1. Introduction
The rapid development of big data analysis technology makes people urgently require to mine more valuable information from big data, and the first step of mining is to have enough public data. However, at present, large data owners such as hospitals, governments, and big data companies that have a large amount of data will inevitably involve citizens' privacy issues when disclosing relevant data.
A traditional paradigm for (combinatorial) data privacy entails making a matrix k-anonymous, meaning that each row must appear at least k times [1][2]. The equally extremely popular "differential privacy" model, which has a statistical rather than combinatorial flavor, is not discussed in this study[3]. It is commonly recognized that the k-anonymity notion has some flaws, such as when the anonymized data is used repeatedly [1]. Due to its simplicity and good interpretability, this paper will focus on k-anonymity. The notion behind k-anonymity is that each row of the matrix symbolizes a different person, and the associated row's k-fold appearance prevents situations where the person or thing behind can be recognized. It is obvious that some information loss, or the suppression of some matrix entries, must be accepted in order to achieve this goal (blanked out). In this method, details about specific traits (represented by the matrix's columns) are lost. Thus, when converting an arbitrary data matrix into a k-anonymous one, it makes sense to try to limit this information loss. Even in special circumstances, the associated optimization problem, k-ANONYMITY, is difficult to approximate and NP-hard [4–8]. To make a matrix k-anonymous, it largely relied on heuristic methods; yet, it played a vital part in many applications [2][9][10]. The "usefulness" (also in terms of expressiveness) of the anonymized data was discovered to require caution [11][12].
In this paper, the whole dataset is divided into some large clusters by clustering algorithm, and then the greedy algorithm is applied to these divided clusters to K-anonymize them.
In the future, such as medical systems, transportation hub, shopping website traffic platform informatization construction and its application in business surveys and the need of scientific research, a large number of user data collection or real-time grabbing and surveyed sharing released within a certain range, although the data included in the user to interact with platform of legal information necessary, but it also contains many personal privacy information, Information sharing is inevitable. In order to ensure the effectiveness of information and avoid the disclosure of personal privacy, it is necessary to obfuscate the information in advance and hide some unnecessary information through the methods described in this article.
2. Materials and methods
2.1. Modeling ideas and formulas
The global optimum is approximated by finding the local optimum. Each time, the smallest hiding distance is selected, and its data is merged into a new data ○1, and then the hiding distance between data ○1 and other data is calculated. This process is repeated, and finally every data exists in the data group, that is, there is no independent data.
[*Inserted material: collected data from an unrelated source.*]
Lemma phi_diag_neq0 (P : 'I_3 -> 'I_3 -> 'M[C]_n) k i :
  posE Rl P -> P k k i i != 0 -> exists j, phi (P k k) j j != 0.
Proof.
move=> posP Pii; have [Rrefl _] := Rtol; have [EP _] := posP.
apply: posEd_diag_neq0 Rrefl (coiso_cp iso posP) _.
apply: contra_neq Pii => phiP0; apply/eqP; rewrite -(coiso_K iso (EP k k)) phiP0.
by rewrite -(coiso_phi0 iso) ?(coiso_K iso) ?mxE //; apply: inE0.
Qed.

Section DualWitness.
Variables (S1 S2 : 'M[C]_(\sum_(j < 3) n)) (i0 j0 j2 : 'I_n).
Hypotheses (psdS1 : psd S1) (psdS2 : psd S2).
Hypothesis S1lift : lifts Rl S1 (fun k l => phi (P1 k l)).
Hypothesis S2lift : lifts Rl S2 (fun k l => phi (P2 k l)).
Let p := idx k1 i0.
Let q0 := idx k0 j0.
Let q2 := idx k2 j2.

Lemma dual_face_witness (lam : C) : lam^* * lam = 1 -> exists mu nu, forall k l,
  truncE Rl (outer (fun s => S1 p s + lam * S2 p s)) k l
    = mu *: phi (P1 k l) + nu *: phi (P2 k l).
Proof.
move=> lam_unit; have [Rrefl _] := Rtol.
have [EP1 _] := posE_P1; have [EP2 _] := posE_P2.
have S2pp : S2 p p = S1 p p by rewrite S1lift // S2lift // P1_P2_shared_block.
apply: (@path_face_Ed (2 * S1 p p)); first exact/posEd_truncE/psd_outer.
apply: posEd_of_lift (psd_outer_row_dominated psdS1 psdS2 S2pp lam_unit) _.
  move=> k l i j Rij; rewrite !mxE (coiso_inE iso (EP1 k l)) //.
  by rewrite (coiso_inE iso (EP2 k l)) // (negbTE Rij) addr0 mulr0 subr0.
by move=> k l i j Rij; rewrite !mxE Rij -S1lift // -S2lift.
Qed.
(* Let $i,m\in[1,M]$ be black vertices and $j,n\in[1,N]$ white vertices, and define $a$ by $\#\{i,j,m,n\}=4-a$. Let $(k,\ell),(p,q)$ be two further black–white pairs and define $b$ by $\#\{i,j,m,n,k,\ell,p,q\}=8-b$. Then $$\mathbb E[A_{ij}A_{mn}]=O\Big(\frac{d_b}N\Big)^{2-\lfloor a/2\rfloor},\qquad \mathbb E[A_{ij}A_{mn}A_{k\ell}A_{pq}]=O\Big(\frac{d_b}N\Big)^{4-\lfloor b/2\rfloor}.$$
   Context: Let $M\ge N$, $\alpha=M/N\ge1$ fixed, $N\to\infty$; $d_b,d_w$ positive integers with $Md_b=Nd_w$, $N^{c_0}\le d_b\le N^{2/3-c_0}$ for a fixed $c_0>0$. $A\in\{0,1\}^{M\times N}$ is the biadjacency matrix of a bipartite graph drawn uniformly at random from the set of bipartite graphs with $M$ black vertices of degree $d_b$ and $N$ white vertices of degree $d_w$; $A_{xy}=1$ iff black vertex $x$ is adjacent to white vertex $y$. Black and white vertices are distinct labels, so $\#\{\cdot\}$ counts distinct vertices. The expectation is under the uniform measure and implicit constants do not depend on $N$ or the indices. *)

From mathcomp Require Import all_boot all_order all_algebra.
From mathcomp Require Import all_classical all_reals all_analysis.
Set Implicit Arguments. Unset Strict Implicit. Unset Printing Implicit Defensive.
Import Order.TTheory GRing.Theory Num.Theory.
Local Open Scope ring_scope.

(* A : 'M[bool]_(M,N) is the biadjacency matrix of a bipartite graph with
   M black vertices (rows) and N white vertices (columns); A x y = true iff
   black x is adjacent to white y. *)
Definition biregular (M N db dw : nat) (A : 'M[bool]_(M, N)) : bool :=
  [forall x : 'I_M, #|[set y : 'I_N | A x y]| == db] &&
  [forall y : 'I_N, #|[set x : 'I_M | A x y]| == dw].

Definition biregSet (M N db dw : nat) : {set 'M[bool]_(M, N)} :=
  [set A | biregular db dw A].

Definition Ebireg {R : realType} (M N db dw : nat) (f : 'M[bool]_(M, N) -> R) : R :=
  (\sum_(A in biregSet M N db dw) f A) / (#|biregSet M N db dw|)%:R.

Definition ent {R : realType} (M N : nat) (A : 'M[bool]_(M, N)) (x : 'I_M) (y : 'I_N) : R :=
  (A x y : nat)%:R.

From mathcomp Require Import all_boot all_order all_algebra.
From mathcomp Require Import all_classical all_reals all_analysis.
From mathcomp Require Import fingroup perm zify.
Import Order.TTheory GRing.Theory Num.Theory.
Local Open Scope ring_scope.
Set Implicit Arguments. Unset Strict Implicit. Unset Printing Implicit Defensive.

(* Let Y be the product of the entries of A along a list of edges and S(Y) its
   sum over all biregular graphs.  If an edge (x, y) has a black endpoint x met by
   no earlier edge, then swapping x with any other such black vertex x' is a
   bijection of the biregular graphs fixing the earlier entries, so S(A_xy Y) does
   not depend on x'.  Summing over x' and using that column y contains d_w ones
   gives S(A_xy Y) <= d_w / (M - O(1)) S(Y) = O(d_b / N) S(Y), as M d_b = N d_w;
   a new white endpoint is handled with row sums.  So every edge bringing a new
   vertex costs a factor O(d_b / N), and edges spanning v distinct vertices
   contain at least v / 2 such edges. *)

Section Relabelling.
Variables (M N db dw : nat).

Definition relabel (s : {perm 'I_M}) (p : {perm 'I_N}) (A : 'M[bool]_(M, N)) :
  'M[bool]_(M, N) := \matrix_(x, y) A (s x) (p y).

Lemma relabelK s p : cancel (relabel s p) (relabel (s^-1)%g (p^-1)%g).
Proof. by move=> A; apply/matrixP=> x y; rewrite !mxE !permKV. Qed.

Lemma biregular_relabel s p A :
  biregular db dw (relabel s p A) = biregular db dw A.
Proof.
suff relabelW s' p' B : biregular db dw B -> biregular db dw (relabel s' p' B).
  by apply/idP/idP=> [/(relabelW (s^-1)%g (p^-1)%g)|]; rewrite ?relabelK //; apply: relabelW.
case/andP=> /forallP rows /forallP cols; apply/andP; split; apply/forallP.
- move=> x; have -> : [set y | relabel s' p' B x y] = p' @^-1: [set y | B (s' x) y].
    by apply/setP=> y; rewrite !inE mxE.
  by rewrite card_preimset //; exact: perm_inj.
- move=> y; have -> : [set x | relabel s' p' B x y] = s' @^-1: [set x | B x (p' y)].
    by apply/setP=> x; rewrite !inE mxE.
  by rewrite card_preimset //; exact: perm_inj.
Qed.

Lemma sum_biregSet_relabel (V : nmodType) s p (f : 'M[bool]_(M, N) -> V) :
  \sum_(A in biregSet M N db dw) f (relabel s p A) = \sum_(A in biregSet M N db dw) f A.
Proof.
rewrite [RHS](reindex_inj (can_inj (relabelK s p))); apply: eq_bigl => A.
by rewrite !inE biregular_relabel.
Qed.

End Relabelling.

Lemma exchangeable_sum_le (R : numDomainType) (T U : finType) (D : {pred U})
    (F : {set T}) (g : T -> U -> R) (h : U -> R) (d : R) x :
  (forall x', x' \in F -> \sum_(A in D) g x' A = \sum_(A in D) g x A) ->
  (forall A, A \in D -> \sum_(x' in F) g x' A <= d * h A) ->
  #|F|%:R * \sum_(A in D) g x A <= d * \sum_(A in D) h A.
Proof.
move=> gF ghd; rewrite mulr_natl -sumr_const -(eq_bigr _ gF) exchange_big mulr_sumr /=.
exact: ler_sum.
Qed.

Section EdgeProducts.
Variables (R : realType) (M N db dw : nat).
Implicit Types (es : seq ('I_M * 'I_N)) (A : 'M[bool]_(M, N)).

Definition ent_prod es A : R := \prod_(e <- es) ent A e.1 e.2.

Definition blacks es : {set 'I_M} := [set:: map fst es].
Definition whites es : {set 'I_N} := [set:: map snd es].

Lemma ent_ge0 A x y : 0 <= ent A x y :> R.
Proof. exact: ler0n. Qed.

Lemma ent_le1 A x y : ent A x y <= 1 :> R.
Proof. by rewrite /ent; case: (A x y). Qed.

Lemma ent_prod_cons e es A : ent_prod (e :: es) A = ent A e.1 e.2 * ent_prod es A.
Proof. exact: big_cons. Qed.

Lemma ent_prod_ge0 es A : 0 <= ent_prod es A.
Proof. by apply: prodr_ge0 => e _; apply: ent_ge0. Qed.

Lemma ent_prod_relabel es (s : {perm 'I_M}) (p : {perm 'I_N}) A :
  {in blacks es, s =1 id} -> {in whites es, p =1 id} ->
  ent_prod es (relabel s p A) = ent_prod es A.
Proof.
move=> sB pW; rewrite /ent_prod !big_seq; apply: eq_bigr => e e_es.
rewrite /ent mxE sB ?pW // inE; exact: map_f.
Qed.

Lemma sum_ent_col_le A (y : 'I_N) (F : {set 'I_M}) :
  A \in biregSet M N db dw -> \sum_(x in F) ent A x y <= dw%:R :> R.
Proof.
rewrite inE => /andP [_ /forallP /(_ y) /eqP <-].
have -> : #|[set x | A x y]|%:R = \sum_x ent A x y :> R.
  rewrite /ent -natr_sum -sum1dep_card big_mkcond.
  by congr _%:R; apply: eq_bigr => x _; case: (A x y).
by rewrite [X in _ <= X](bigID (mem F)) /= lerDl; apply: sumr_ge0 => x _; apply: ent_ge0.
Qed.

Lemma sum_ent_row_le A (x : 'I_M) (F : {set 'I_N}) :
  A \in biregSet M N db dw -> \sum_(y in F) ent A x y <= db%:R :> R.
Proof.
rewrite inE => /andP [/forallP /(_ x) /eqP <- _].
have -> : #|[set y | A x y]|%:R = \sum_y ent A x y :> R.
  rewrite /ent -natr_sum -sum1dep_card big_mkcond.
  by congr _%:R; apply: eq_bigr => y _; case: (A x y).
by rewrite [X in _ <= X](bigID (mem F)) /= lerDl; apply: sumr_ge0 => y _; apply: ent_ge0.
Qed.

Lemma sum_ent_black_le es x y : x \notin blacks es ->
  \sum_(A in biregSet M N db dw) ent A x y * ent_prod es A
    <= dw%:R / #|~: blacks es|%:R * \sum_(A in biregSet M N db dw) ent_prod es A.
Proof.
move=> xB; have xC : x \in ~: blacks es by rewrite inE.
have n_gt0 : (0 : R) < #|~: blacks es|%:R by rewrite ltr0n; apply/card_gt0P; exists x.
rewrite mulrAC ler_pdivlMr // mulrC.
apply: (exchangeable_sum_le (g := fun x' A => ent A x' y * ent_prod es A)).
- move=> x'; rewrite inE => x'B.
  rewrite -(sum_biregSet_relabel db dw (tperm x x') 1); apply: eq_bigr => A _.
  rewrite /= {1}/ent mxE tpermR perm1 ent_prod_relabel // => [z zB|z _].
  + by rewrite tpermD //; [apply: contraNneq xB => -> | apply: contraNneq x'B => ->].
  + by rewrite perm1.
- by move=> A AD; rewrite -mulr_suml ler_wpM2r ?ent_prod_ge0 ?sum_ent_col_le.
Qed.

Lemma sum_ent_white_le es x y : y \notin whites es ->
  \sum_(A in biregSet M N db dw) ent A x y * ent_prod es A
    <= db%:R / #|~: whites es|%:R * \sum_(A in biregSet M N db dw) ent_prod es A.
Proof.
move=> yW; have yC : y \in ~: whites es by rewrite inE.
have n_gt0 : (0 : R) < #|~: whites es|%:R by rewrite ltr0n; apply/card_gt0P; exists y.
rewrite mulrAC ler_pdivlMr // mulrC.
apply: (exchangeable_sum_le (g := fun y' A => ent A x y' * ent_prod es A)).
- move=> y'; rewrite inE => y'W.
  rewrite -(sum_biregSet_relabel db dw 1 (tperm y y')); apply: eq_bigr => A _.
  rewrite /= {1}/ent mxE tpermR perm1 ent_prod_relabel // => [z _|z zW].
  + by rewrite perm1.
  + by rewrite tpermD //; [apply: contraNneq yW => -> | apply: contraNneq y'W => ->].
- by move=> A AD; rewrite -mulr_suml ler_wpM2r ?ent_prod_ge0 ?sum_ent_row_le.
Qed.

End EdgeProducts.

Section FreshEdges.
Variables (M N : nat).
Implicit Types (es : seq ('I_M * 'I_N)).

Fixpoint fresh_edges es : nat :=
  if es is e :: es' then
    (fresh_edges es' + ((e.1 \notin blacks es') || (e.2 \notin whites es')))%N
  else 0%N.

Lemma blacks_cons e es : blacks (e :: es) = e.1 |: blacks es.
Proof. exact: set_cons. Qed.

Lemma whites_cons e es : whites (e :: es) = e.2 |: whites es.
Proof. exact: set_cons. Qed.

Lemma card_blacks_le es : (#|blacks es| <= size es)%N.
Proof. by rewrite cardsE -(size_map fst); apply: card_size. Qed.

Lemma card_whites_le es : (#|whites es| <= size es)%N.
Proof. by rewrite cardsE -(size_map snd); apply: card_size. Qed.

Lemma fresh_edges_le es : (fresh_edges es <= size es)%N.
Proof. by elim: es => //= e es IH; case: (_ || _); rewrite /=; lia. Qed.

Lemma card_blacks_whites_le es : (#|blacks es| + #|whites es| <= 2 * fresh_edges es)%N.
Proof.
elim: es => [|e es IH] /=; first by rewrite /blacks /whites /= !finset.set_nil !cards0.
rewrite blacks_cons whites_cons !cardsU1.
move: IH; set b := #|blacks es|; set w := #|whites es|.
by case: (e.1 \in blacks es); case: (e.2 \in whites es); rewrite /=; lia.
Qed.

Lemma exponent_le_fresh_edges es :
  (size es - (2 * size es - (#|blacks es| + #|whites es|))./2 <= fresh_edges es)%N.
Proof.
have := card_blacks_whites_le es; have := fresh_edges_le es.
rewrite -divn2; lia.
Qed.

End FreshEdges.

Lemma ler_natr_ratio (R : numFieldType) (a n b m k : nat) :
  (0 < m)%N -> (a * m <= k * b * n)%N -> a%:R / n%:R <= k%:R * (b%:R / m%:R) :> R.
Proof.
move=> m_gt0 abmn; have [->|n_gt0] := posnP n.
  by rewrite invr0 mulr0 mulr_ge0 ?divr_ge0.
rewrite mulrA ler_pdivrMr ?ltr0n // mulrAC.
by rewrite ler_pdivlMr ?ltr0n // -!natrM ler_nat.
Qed.

Section EdgeProductBound.
Variables (R : realType) (M N db dw : nat).
Implicit Types (es : seq ('I_M * 'I_N)).
Hypothesis degree_sum : (M * db = N * dw)%N.

Lemma sum_ent_prod_le (k L : nat) es :
  (size es <= L)%N -> (M <= k * (M - L))%N -> (N <= k * (N - L))%N ->
  \sum_(A in biregSet M N db dw) ent_prod R es A
    <= (k%:R * (db%:R / N%:R)) ^+ fresh_edges es * #|biregSet M N db dw|%:R.
Proof.
move=> + M_room N_room; elim: es => [_|e es IH /= es_le].
  by rewrite /ent_prod (eq_bigr (fun _ => 1)) => [|A _]; rewrite ?big_nil ?sumr_const ?mul1r.
have {IH} := IH (ltnW es_le).
set T := \sum_(A in _) _; move=> T_le.
set x := k%:R * (db%:R / N%:R).
have x_ge0 : 0 <= x by rewrite mulr_ge0 ?divr_ge0 ?ler0n.
under eq_bigr do rewrite ent_prod_cons.
have N_gt0 : (0 < N)%N := leq_ltn_trans (leq0n _) (ltn_ord e.2).
have fresh_step : \sum_(A in biregSet M N db dw) ent A e.1 e.2 * ent_prod R es A <= x * T ->
    \sum_(A in biregSet M N db dw) ent A e.1 e.2 * ent_prod R es A
      <= x ^+ (fresh_edges es + 1) * #|biregSet M N db dw|%:R.
  by move=> /le_trans; apply; rewrite addn1 exprS -mulrA ler_wpM2l.
case: (boolP (e.1 \in blacks es)) => [e1B | e1B]; last first.
  apply: fresh_step; apply: le_trans (sum_ent_black_le R db dw e.2 e1B) _.
  apply: ler_wpM2r; first by apply: sumr_ge0 => A _; apply: ent_prod_ge0.
  apply: ler_natr_ratio => //; rewrite mulnC -degree_sum mulnAC leq_mul2r.
  apply/orP; right; apply: leq_trans M_room _; rewrite leq_mul2l cardsCs finset.setCK card_ord.
  by have := card_blacks_le es; lia.
case: (boolP (e.2 \in whites es)) => [e2W | e2W]; last first.
  apply: fresh_step; apply: le_trans (sum_ent_white_le R db dw e.1 e2W) _.
  apply: ler_wpM2r; first by apply: sumr_ge0 => A _; apply: ent_prod_ge0.
  apply: ler_natr_ratio => //; rewrite mulnC mulnAC leq_mul2r.
  apply/orP; right; apply: leq_trans N_room _; rewrite leq_mul2l cardsCs finset.setCK card_ord.
  by have := card_whites_le es; lia.
rewrite addn0; apply: le_trans T_le; apply: ler_sum => A _.
by rewrite ler_piMl ?ent_prod_ge0 ?ent_le1.
Qed.

Lemma biregSet_db_le A : (0 < M)%N -> A \in biregSet M N db dw -> (db <= N)%N.
Proof.
move=> M_gt0; rewrite inE => /andP [/forallP /(_ (Ordinal M_gt0)) /eqP <- _].
by rewrite -[X in (_ <= X)%N]card_ord max_card.
Qed.

Lemma Ebireg_ent_prod_le (k L K : nat) es :
  (0 < M)%N -> (0 < k)%N ->
  (size es <= L)%N -> (M <= k * (M - L))%N -> (N <= k * (N - L))%N ->
  (K <= fresh_edges es)%N ->
  Ebireg db dw (ent_prod R es) <= k%:R ^+ L * (db%:R / N%:R) ^+ K.
Proof.
move=> M_gt0 k_gt0 es_le M_room N_room K_le; rewrite /Ebireg.
have [->|set_gt0] := posnP #|biregSet M N db dw|.
  by rewrite invr0 mulr0 mulr_ge0 ?exprn_ge0 ?divr_ge0.
have [A0 A0_in] := card_gt0P set_gt0.
have ratio_le1 : db%:R / N%:R <= 1 :> R.
  have [->|N_gt0] := posnP N; first by rewrite invr0 mulr0 ler01.
  by rewrite ler_pdivrMr ?ltr0n // mul1r ler_nat (biregSet_db_le M_gt0 A0_in).
rewrite ler_pdivrMr ?ltr0n //.
apply: le_trans (sum_ent_prod_le es_le M_room N_room) _.
rewrite ler_wpM2r // exprMn ler_pM ?exprn_ge0 ?divr_ge0 //.
- by rewrite ler_weXn2l ?ler1n // (leq_trans (fresh_edges_le es)).
- by rewrite ler_wiXn2l ?divr_ge0.
Qed.

Lemma Ebireg_ent_prod_le_exponent es :
  (8 <= M)%N -> (8 <= N)%N -> (size es <= 4)%N ->
  Ebireg db dw (ent_prod R es)
    <= 2 ^+ 4 * (db%:R / N%:R) ^+ (size es - (2 * size es - (#|blacks es| + #|whites es|))./2).
Proof.
move=> M_ge8 N_ge8 es_le; apply: (@Ebireg_ent_prod_le 2 4) => //; try lia.
exact: exponent_le_fresh_edges.
Qed.

End EdgeProductBound.

Theorem mainTheorem10 (R : realType) (alpha c0 : R) :
  1 <= alpha -> 0 < c0 ->
  exists C : R, exists N0 : nat,
  forall (M N db dw : nat),
    (N0 <= N)%N ->
    M%:R = alpha * N%:R ->
    (M * db = N * dw)%N ->
    (0 < db)%N -> (0 < dw)%N ->
    N%:R `^ c0 <= db%:R ->
    db%:R <= N%:R `^ (2 / 3 - c0) ->
    (forall (i m : 'I_M) (j n : 'I_N),
       let a := (4 - (#|[set i; m]| + #|[set j; n]|))%N in
       @Ebireg R M N db dw (fun A => ent A i j * ent A m n)
         <= C * (db%:R / N%:R) ^+ (2 - a./2)) /\
    (forall (i m k p : 'I_M) (j n l q : 'I_N),
       let b := (8 - (#|[set i; m; k; p]| + #|[set j; n; l; q]|))%N in
       @Ebireg R M N db dw (fun A => ent A i j * ent A m n * ent A k l * ent A p q)
         <= C * (db%:R / N%:R) ^+ (4 - b./2)).
Proof.
move=> alpha_ge1 _; exists (2 ^+ 4), 8%N => M N db dw N_ge8 M_eq degree_sum _ _ _ _.
have M_ge8 : (8 <= M)%N.
  by apply: leq_trans N_ge8 _; rewrite -(ler_nat R) M_eq ler_peMl.
split=> [i m j n | i m k p j n l q] /=.
- have -> : (fun A => ent A i j * ent A m n) = ent_prod R [:: (i, j); (m, n)].
    by apply/funext=> A; rewrite /ent_prod !big_cons big_nil mulr1.
  have -> : [set i; m] = blacks [:: (i, j); (m, n)] by apply/setP=> z; rewrite !inE.
  have -> : [set j; n] = whites [:: (i, j); (m, n)] by apply/setP=> z; rewrite !inE.
  exact: Ebireg_ent_prod_le_exponent.
- have -> : (fun A => ent A i j * ent A m n * ent A k l * ent A p q)
      = ent_prod R [:: (i, j); (m, n); (k, l); (p, q)].
    by apply/funext=> A; rewrite /ent_prod !big_cons big_nil mulr1 !mulrA.
  have -> : [set i; m; k; p] = blacks [:: (i, j); (m, n); (k, l); (p, q)].
    by apply/setP=> z; rewrite !inE -!orbA.
  have -> : [set j; n; l; q] = whites [:: (i, j); (m, n); (k, l); (p, q)].
    by apply/setP=> z; rewrite !inE -!orbA.
  exact: Ebireg_ent_prod_le_exponent.
Qed.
• there is no hiding spot data tuple calculation formula of the hidden distance between:
\( distance({t_{i}},{t_{j}})=\sum _{{k_{i}}{∈t_{i}},{k_{j}}ϵ{t_{j}}}2×δ({k_{i}},{k_{j}}) \) (1)
If different, output 1, otherwise output 0, and the distance is the total number of times two data tuples need to change into the same form.
\( δ({k_{i}},{k_{j}})=\begin{cases} \begin{array}{c} 0,{k_{i}}={k_{j}} \\ 1,{k_{i}}≠{k_{j}} \end{array} \end{cases} \) (2)
• Calculation formula of hidden distance between data tuples and equivalent data groups
\( distance({t_{i}},{ec_{j}})=distance({t_{i}},{t^{*}})+{w_{j}}×distance({ec_{j}},{t^{*}}) \) (3)
The 𝑡𝑖 for the data tuple, 𝑒𝑐𝑗 for the equivalent data set, 𝑤𝑗 as the hidden distance weighting, 𝑡∗ for 𝑡𝑖 with 𝑒𝑐𝑗 after optimizing the equivalent data set.
\( {w_{j}}=|{ec_{j}}|×α \) (4)
The \( |{ec_{j}}| \) for the equivalent data in data set the number of tuples, 𝛼 for setting adjustment coefficient, 𝛼 selection will affect the calculate method of constructing the number of tuples in the equivalent data set.
• the hidden distance formula between the equivalent data set
\( distance({ec_{i}},{ec_{j}})=distance({ec_{i}},{t^{*}})+{w_{j}}×distance({ec_{j}},{t^{*}}) \) (5)
The \( { ec_{i}} \) with \( {ec_{j}} \) for the two equivalent data set.
2.2. Symbol description
Table 1. Symbol description. | |
Symbol | Meaning |
\( {t_{i}} \) | Data tuple i |
\( {k_{i,j}} \) | The jth data in the ith row |
\( e{c_{j}} \) | Equivalent data group |
\( α \) | Adjustment factor, that is, the tuple into the equivalent data group difficulty |
\( p \) | P heavy anonymous |
\( {w_{j}} \) | Weight of stealth distance |
\( {C_{k1}} \) | Results of hybrid clustering algorithm |
2.3. Process
Data input: contain 𝑛 record table data, parameter p values
Output: k after the anonymous form
Step 1: Calculate the distances between data tuples or equivalent data groups in the data table to obtain the lower triangular moment matrix for storing the distances.
Step 2: Select the element with the smallest value in the distance matrix and merge the data tuples or equivalent data groups represented by its rows and columns into a new cluster.
Step 3: Perform the optimal hiding processing on the current cluster to form an undifferentiated equivalent group, and bring the modified hidden data into the data table to update the distance matrix.
Step 4: Repeat steps 1, 2, and 3 until each individual is in an undifferentiated equivalent data group.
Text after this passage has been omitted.